◆ Task directions ◆
Using the data below, gather each line that includes the word "sets".

[Opening Data for processing section]

(* Let $V$ be a ground model, $\kappa$ an infinite cardinal, $\mathbb{A}\in V$ a Boolean algebra, and let $\dot{\mathcal{U}}_n$ ($n\in\omega$), $\dot{\mathcal{U}}$ be $\mathbb{M}_\kappa$-names for ultrafilters on $\mathbb{A}$, with $\varphi_n=\varphi_{\dot{\mathcal{U}}_n}$ and $\varphi=\varphi_{\dot{\mathcal{U}}}$. If $(\varphi_n)$ converges uniformly to $\varphi$, then for all but finitely many $n$ there is a condition $p_n\in\mathbb{M}_\kappa\setminus\{0\}$ such that $p_n\Vdash\dot{\mathcal{U}}_n=\dot{\mathcal{U}}$.
   Context: $\mathbb{M}_\kappa$ is the measure algebra $Bor(2^\kappa)/\mathcal{N}_\kappa$ of the standard product measure $\lambda_\kappa$ on $2^\kappa$, used as a forcing notion (conditions are nonzero elements). For an $\mathbb{M}_\kappa$-name $\dot{\mathcal{U}}$ with $\Vdash$ ''$\dot{\mathcal{U}}$ is an ultrafilter on $\mathbb{A}$'', $\varphi_{\dot{\mathcal{U}}}\colon\mathbb{A}\to\mathbb{M}_\kappa$ is the homomorphism $\varphi_{\dot{\mathcal{U}}}(A)=\llbracket A\in\dot{\mathcal{U}}\rrbracket$. $(\varphi_n)$ converges uniformly to $\varphi$ if for every $\varepsilon>0$ there is $N$ with $\lambda_\kappa(\varphi_n(A)\triangle\varphi(A))<\varepsilon$ for all $n>N$ and all $A\in\mathbb{A}$. *)

From HB Require Import structures.
From mathcomp Require Import all_boot all_order all_algebra.
From mathcomp Require Import all_classical all_reals all_analysis.
Set Implicit Arguments. Unset Strict Implicit. Unset Printing Implicit Defensive.
Import Order.TTheory GRing.Theory Num.Theory.
Local Open Scope classical_set_scope.
Local Open Scope ring_scope.

Definition cyl_gen (K : choiceType) : set (set (K -> bool)) :=
  range (fun i : K => [set x : K -> bool | x i]).

Definition cantor_cube (K : choiceType) := g_sigma_algebraType (@cyl_gen K).

(* mu is the standard product measure lambda_K on 2^K: every finite cylinder
   fixing |s| coordinates has measure 2^{-|s|}.  (This determines mu uniquely
   on the generated sigma-algebra, by the pi-lambda theorem.) *)
Definition is_product_measure (R : realType) (K : choiceType)
  (mu : {measure set (cantor_cube K) -> \bar R}) : Prop :=
  forall (s : seq K) (b : K -> bool), uniq s ->
    mu [set x : cantor_cube K | forall i, i \in s -> (x : K -> bool) i = b i]
      = ((2%:R^-1) ^+ size s)%:E.

Definition symd {T} (A B : set T) : set T := (A `\` B) `|` (B `\` A).

(* a.e.-equality: equality in the measure algebra Bor/N *)
Definition ae_eqset (R : realType) (K : choiceType)
  (mu : {measure set (cantor_cube K) -> \bar R}) (A B : set (cantor_cube K)) :=
  mu (symd A B) = 0%E.

(* phi : A -> M_K is a Boolean homomorphism into the measure algebra M_K,
   elements of M_K being represented by measurable sets modulo mu-null sets. *)
Definition is_hom_to_measure_algebra (R : realType) (K : choiceType)
  (mu : {measure set (cantor_cube K) -> \bar R})
  (d : Order.disp_t) (BA : ctbDistrLatticeType d)
  (phi : BA -> set (cantor_cube K)) : Prop :=
  [/\ forall a, measurable (phi a),
      forall a b, ae_eqset mu (phi (Order.meet a b)) (phi a `&` phi b),
      forall a b, ae_eqset mu (phi (Order.join a b)) (phi a `|` phi b),
      forall a, ae_eqset mu (phi (Order.compl a)) (~` phi a) &
      ae_eqset mu (phi Order.bottom) set0 /\
        ae_eqset mu (phi Order.top) setT].

Definition unif_conv (R : realType) (K : choiceType)
  (mu : {measure set (cantor_cube K) -> \bar R})
  (d : Order.disp_t) (BA : ctbDistrLatticeType d)
  (phi_ : nat -> BA -> set (cantor_cube K)) (phi : BA -> set (cantor_cube K)) :=
  forall eps : R, 0 < eps -> exists N : nat, forall n, (N < n)%N ->
    forall a : BA, (mu (symd (phi_ n a) (phi a)) < eps%:E)%E.

(* p ||- "U_psi = U_phi", where p is a condition (a measurable set of positive
   measure, i.e. a nonzero element of M_K): since A is in the ground model,
   [[U_psi = U_phi]] = /\_{a in A} [[a in U_psi <-> a in U_phi]]
                     = /\_{a} -(psi a Delta phi a), so p forces the equality iff
   p /\ (psi a Delta phi a) = 0 in M_K for every a. *)
Definition forces_eq (R : realType) (K : choiceType)
  (mu : {measure set (cantor_cube K) -> \bar R})
  (d : Order.disp_t) (BA : ctbDistrLatticeType d)
  (p : set (cantor_cube K)) (psi phi : BA -> set (cantor_cube K)) : Prop :=
  forall a : BA, mu (p `&` symd (psi a) (phi a)) = 0%E.

From HB Require Import structures.
From mathcomp Require Import all_boot all_order all_algebra.
From mathcomp Require Import all_classical all_reals all_analysis.
From mathcomp Require Import ring lra.
Import Order.TTheory GRing.Theory Num.Theory.
Local Open Scope classical_set_scope.
Local Open Scope ring_scope.

(* Write S a := phi_n a Δ phi a.  Since phi_n and phi are homomorphisms into
   the measure algebra, S (a Δ b) = S a Δ S b up to null sets, so the S a form
   a group under symmetric difference.  In such a group every finite union has
   measure at most twice sup_a mu (S a): removing one generator S a, each
   member loses at least half of mu (S a) on the complement, by comparing S k
   with S k Δ S a.  Uniform convergence makes sup_a mu (S a) < 1/4 for large
   n, so the essential union D of all the S a (a countable union of finite
   unions) has measure at most 1/2, and p := ~ D is a condition of positive
   measure meeting every S a in a null set, i.e. p forces U_n = U. *)

(* Decides every atom [P x] by excluded middle first, making [tauto] classical. *)
Ltac tauto_cases x :=
  repeat match goal with
  | |- context [?P x] => have [/propT->|/propF->] := pselect (P x)
  end; tauto.

Ltac setP_by_cases :=
  apply/seteqP; split; let x := fresh "x" in
  intros x; rewrite /symd /=; tauto_cases x.

Section ae_iff.
Context {R : realType} {d} {T : measurableType d}.
Variable mu : {measure set T -> \bar R}.

Lemma ae_iff_of_symd_null {A B : set T} : measurable A -> measurable B ->
  mu (symd A B) = 0%E -> {ae mu, forall x, A x <-> B x}.
Proof.
move=> mA mB AB; exists (symd A B); split => //.
  by apply: measurableU; apply: measurableD.
by move=> x /=; rewrite /symd /=; tauto_cases x.
Qed.

Lemma measure_ae_iff {A B : set T} : measurable A -> measurable B ->
  {ae mu, forall x, A x <-> B x} -> mu A = mu B.
Proof.
suff le_mu C D : measurable C -> measurable D ->
    {ae mu, forall x, C x <-> D x} -> (mu C <= mu D)%E.
  move=> mA mB AB; apply/eqP; rewrite eq_le !le_mu //.
  by apply: filterS AB => x; tauto.
move=> mC mD [N [mN N0 CDN]].
have C_sub : C `<=` D `|` N.
  move=> x Cx; have [Nx|Nx] := pselect (N x); first by right.
  by left; have CDx : C x <-> D x := contra_notP (@CDN x) Nx; tauto.
rewrite -(measureU0 mD mN N0) le_measure ?inE //; exact: measurableU.
Qed.

End ae_iff.

Section finite_measure.
Context {R : realType} {d} {T : measurableType d}.
Variable mu : {measure set T -> \bar R}.
Hypothesis mu_fin : (mu setT < +oo)%E.

Definition rmeas (A : set T) : R := fine (mu A).

Lemma rmeasE A : measurable A -> mu A = (rmeas A)%:E.
Proof.
move=> mA; rewrite /rmeas fineK // ge0_fin_numE ?measure_ge0 //.
by rewrite (le_lt_trans _ mu_fin) // le_measure ?inE.
Qed.

Lemma rmeas_ge0 A : 0 <= rmeas A.
Proof. by rewrite /rmeas fine_ge0 // measure_ge0. Qed.

Lemma le_rmeas A B :
  measurable A -> measurable B -> A `<=` B -> rmeas A <= rmeas B.
Proof. by move=> mA mB AB; rewrite -lee_fin -!rmeasE // le_measure ?inE. Qed.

[Closing Data for processing section]

◆ Exercise solution ◆
   elements of M_K being represented by measurable sets modulo mu-null sets. *)
   the measure algebra, S (a Δ b) = S a Δ S b up to null sets, so the S a form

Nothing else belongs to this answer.